Saturday, August 20, 2016

Gluten Free Peanut Butter and Banana Crepe Stack

Great breakfast I found on Allrecipes

  • 3/4 cup almond milk
  • 1/4 cup Egg Beaters(R) Original
  • 1 tablespoon margarine
  • 1/2 cup gluten-free all-purpose flour (with rice flour)
  • 1 tablespoon granulated sugar
  • 1 dash salt
  • PAM(R) Original No-Stick Cooking Spray
  • 2 tablespoons chocolate-flavored hazelnut spread
  • 3 medium bananas, peeled, thinly sliced
  1. Place milk, Egg Beaters, Fleischmann's, flour, sugar and salt in blender container.

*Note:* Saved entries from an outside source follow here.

Lemma Eq_near_0 (z : R) : Rabs z <= 1/2 -> Rabs (Eq q z - 1) <= 2 * Rabs z.
Proof.
  intro Hz. pose proof (Rabs_pos z).
  pose proof (is_series_tail _ _ (is_series_Eq z)) as Htail.
  replace (Eq_term q z 0) with 1 in Htail by (unfold Eq_term, qtri; simpl; field).
  assert (Hg : is_series (fun k => Rabs z * Rabs z ^ k) (Rabs z * / (1 - Rabs z))).
  { apply is_series_scal_R, is_series_geom. rewrite Rabs_pos_eq; lra. }
  destruct (is_series_abs_le _ _ _ (fun k => Eq_term_abs_le z (S k)) Hg) as [_ Hb].
  rewrite (is_series_unique _ _ Htail) in Hb.
  assert (/ (1 - Rabs z) <= 2).
  { replace 2 with (/ (1/2)) by field. apply Rinv_le_contravar; lra. }
  nra.
Qed.

Lemma Eq_node_S (j : nat) : Eq_node q j = (1 - q ^ j) * Eq_node q (S j).
Proof.
  unfold Eq_node. rewrite Eq_shift. f_equal.
  - field. lra.
  - f_equal. simpl. field. lra.
Qed.

Lemma Eq_node_0 : Eq_node q 0 = 0.
Proof. rewrite Eq_node_S. simpl. ring. Qed.

Lemma Eq_node_lim : is_lim_seq (Eq_node q) 1.
Proof.
  destruct (pow_lt_1_zero q ltac:(rewrite Rabs_pos_eq; lra) ((1 - q) / 2)) as [K HK]; [lra|].
  apply (is_lim_seq_incr_n _ K).
  apply (is_lim_seq_le_le (fun n => 1 - 2 / (1 - q) * q ^ (n + K)) _
                           (fun n => 1 + 2 / (1 - q) * q ^ (n + K))).
  - intro n.
    assert (Hn := HK (n + K)%nat ltac:(lia)). rewrite Rabs_pos_eq in Hn by (apply pow_le; lra).
    assert (Hz : 0 <= q ^ (n + K) / (1 - q) <= 1/2).
    { split; [apply Rmult_le_pos; [apply pow_le; lra|left; apply Rinv_0_lt_compat; lra]|].
      apply (Rmult_le_reg_r (1 - q)); [lra|].
      unfold Rdiv. rewrite Rmult_assoc, Rinv_l by lra. lra. }
    pose proof (Eq_near_0 (- (q ^ (n + K) / (1 - q)))) as HE.
    rewrite Rabs_Ropp, Rabs_pos_eq in HE by lra.
    apply Rabs_le_between in HE; [|lra]. unfold Eq_node.
    replace (2 / (1 - q) * q ^ (n + K)) with (2 * (q ^ (n + K) / (1 - q))) by (field; lra).
    lra.
  - replace (Finite 1) with (Finite (1 - 0)) by (f_equal; ring).
    apply is_lim_seq_minus'; [apply is_lim_seq_const|].
    apply (is_lim_seq_incr_n (fun n => 2 / (1 - q) * q ^ n)), is_lim_seq_scal_geom, q_01.
  - replace (Finite 1) with (Finite (1 + 0)) by (f_equal; ring).
    apply is_lim_seq_plus'; [apply is_lim_seq_const|].
    apply (is_lim_seq_incr_n (fun n => 2 / (1 - q) * q ^ n)), is_lim_seq_scal_geom, q_01.
Qed.

(** Downward induction from the tail, where [Eq_node] is close to [1]. *)
Lemma Eq_node_pos (j : nat) : (1 <= j)%nat -> 0 < Eq_node q j.
Proof.
  intro Hj.
  destruct (proj1 (is_lim_seq_Reals _ _) Eq_node_lim (1/2) ltac:(lra)) as [K HK].
  assert (Hd : forall d j, (1 <= j)%nat -> 0 < Eq_node q (j + d) -> 0 < Eq_node q j).
  { induction d; intros j0 Hj0 Hp.
    - rewrite Nat.add_0_r in Hp. exact Hp.
    - replace (j0 + S d)%nat with (S j0 + d)%nat in Hp by lia.
      apply IHd in Hp; [|lia]. rewrite Eq_node_S.
      assert (q ^ j0 < 1) by (destruct j0; [lia|apply pow_lt_1_compat; [lra|lia]]).
      apply Rmult_lt_0_compat; lra. }
  apply (Hd K j Hj). specialize (HK (j + K)%nat ltac:(unfold ge; lia)).
  unfold Rdist in HK. apply Rabs_def2 in HK. lra.
Qed.

Lemma Eq_node_nonneg (j : nat) : 0 <= Eq_node q j.
Proof. destruct j; [rewrite Eq_node_0; lra|left; apply Eq_node_pos; lia]. Qed.

Lemma qprod_qfact (k : nat) : qprod q k = (1 - q) ^ k * qfact q k.
Proof.
  induction k; [simpl; ring|].
  change (qprod q (S k)) with (qprod q k * (1 - q ^ S k)).
  rewrite IHk, <- (qint_mul (S k)). simpl. ring.
Qed.

(** By [Eq_node_S] the series telescopes, by induction on [r]. *)
Lemma is_series_Eq_node_moment (r : nat) :
  is_series (fun j => (q ^ j) ^ S r * Eq_node q (S j)) (qprod q r).
Proof.
  induction r.
  - eapply is_series_ext_val; [| |exact (is_series_telescope _ 1 Eq_node_lim)].
    + intro j. cbv beta. rewrite (Eq_node_S j). simpl. ring.
    + rewrite Eq_node_0. simpl. ring.
  - set (d := fun j => (q ^ j) ^ S r * Eq_node q j).
    assert (Hd : is_lim_seq d 0).
    { unfold d. replace (Finite 0) with (Finite (0 * 1)) by (f_equal; ring).
      apply is_lim_seq_mult'; [|exact Eq_node_lim].
      apply (is_lim_seq_ext (fun j => 1 * (q ^ S r) ^ j)).
      { intro j. rewrite <- !pow_mult, Nat.mul_comm. ring. }
      apply is_lim_seq_scal_geom. split; [apply pow_lt; lra|apply pow_lt_1_compat; [lra|lia]]. }
    eapply is_series_ext_val;
      [| |exact (is_series_plus_R _ _ _ _ (is_series_telescope d 0 Hd)
                   (is_series_scal_R (1 - q ^ S r) _ _ IHr))].
    + intro j. unfold d. cbv beta. rewrite (Eq_node_S j). simpl. rewrite Rpow_mult_distr. ring.
    + unfold d. rewrite Eq_node_0. simpl. ring.
Qed.

Lemma qtri_pow_lim_0 (x : R) : 0 <= x -> is_lim_seq (fun K => qtri q K * x ^ K) 0.
Proof.
  intro Hx. apply ex_series_lim_0.
  destruct (pow_lt_1_zero q ltac:(rewrite Rabs_pos_eq; lra) (/ (2 * (x + 1)))) as [K HK].
  { apply Rinv_0_lt_compat. lra. }
  apply (ex_series_ratio_le _ K (1/2)); [lra|].
  intros k Hk. rewrite qtri_S. simpl pow.
  specialize (HK k Hk). rewrite Rabs_pos_eq in HK by (apply pow_le; lra).
  assert (0 <= q ^ k) by (apply pow_le; lra).
  assert (Hb : q ^ k * x <= 1/2).
  { apply (Rmult_lt_compat_r (2 * (x + 1))) in HK; [|lra].
    rewrite Rinv_l in HK; nra. }
  replace (qtri q k * q ^ k * (x * x ^ k)) with ((q ^ k * x) * (qtri q k * x ^ k)) by ring.
  rewrite Rabs_mult, (Rabs_pos_eq (q ^ k * x)) by (apply Rmult_le_pos; lra).
  apply Rmult_le_compat_r; [apply Rabs_pos|lra].
Qed.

Blend until smooth to make crepe batter.
  2. Spray 10-inch nonstick skillet generously with cooking spray. Heat over medium heat. Pour about 1/4 cup batter in skillet; immediately tilt skillet to evenly cover bottom of skillet with batter. Cook 2 to 3 minutes on each side or until lightly browned, turning once. Remove crepe from skillet and place on flat work surface. Repeat with remaining batter to make 4 additional crepes.
  3. Meanwhile, spread warm crepe with 1/3 of the peanut butter. Place peanut butter-side up on large plate. Top with 1/4 of the banana slices. Spread second crepe with 1 tablespoon hazelnut spread; place spread-side up on top of bananas. Top with another 1/4 of banana slices. Repeat layers with 2 more crepes, another 1/3 of the peanut butter and remaining hazelnut spread and bananas. Spread remaining 1/3 of the peanut butter on the last crepe and place peanut butter-side down on top.
  4. Cut into 6 slices with serrated knife.